**Problem statement**
Give an exact copy of the line that has "by rewrite /= !inE" and of every line below it, through the last, with nothing else.

(Stored dataset items)

+ + + + + + +

(* The W31 shares of x at ra, at a refresh r1 of ra, and at rb are
   pairwise distinct (party 1 would otherwise see the view of e), and each is
   taken at two random strings. *)
Lemma randomness_ge6 x y z e : x \in S -> y \in S -> z \in S -> e \in S ->
  x i0 = y i0 -> x i1 = y i1 -> x i2 != y i2 ->
  x i0 = z i0 -> x i2 = z i2 -> x i1 != z i1 ->
  x i0 != e i0 -> covers12 x e -> covers31 x e -> (6 <= #|Rr|)%nat.
Proof.
move=> xS yS zS eS xy0 xy1 xy2 xz0 xz2 xz1 xe0 cov12 cov31.
have [re Pre] := distr_support (proj1 scheme).
have [ra Pra Ea] := cov12 re Pre.
have [rb Prb Eb] := cov31 re Pre.
have apart r : 0 < P r -> w12 x r = w12 e re -> w31 x r != w31 x rb.
  move=> Pr E12; apply/eqP => E31; move: xe0.
  by rewrite (separate1 xS eS Pr Pre E12 (etrans E31 Eb)) eqxx.
have [r1 Pr1 [E1 /eqP N1]] := refresh31 xS yS xy0 xy1 xy2 Pra.
have partner r : 0 < P r -> exists2 r', w31 x r' = w31 x r & r' != r.
  move=> Pr; have [r' _ [E31 N12]] := refresh12 xS zS xz0 xz2 xz1 Pr.
  by exists r' => //; apply: contra_not_neq N12 => ->.
have [ra' Ea' Na] := partner ra Pra.
have [r1' E1' N1'] := partner r1 Pr1.
have [rb' Eb' Nb] := partner rb Prb.
apply: (card_ge6_of_fibres (f := fun r => w31 x r)) Ea' E1' Eb' Na N1' Nb.
by rewrite /= !inE negb_or apart // eq_sym N1 apart // E1.
Qed.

+ + + + + + +

**Response area**
by rewrite /= !inE negb_or apart // eq_sym N1 apart // E1.
Qed.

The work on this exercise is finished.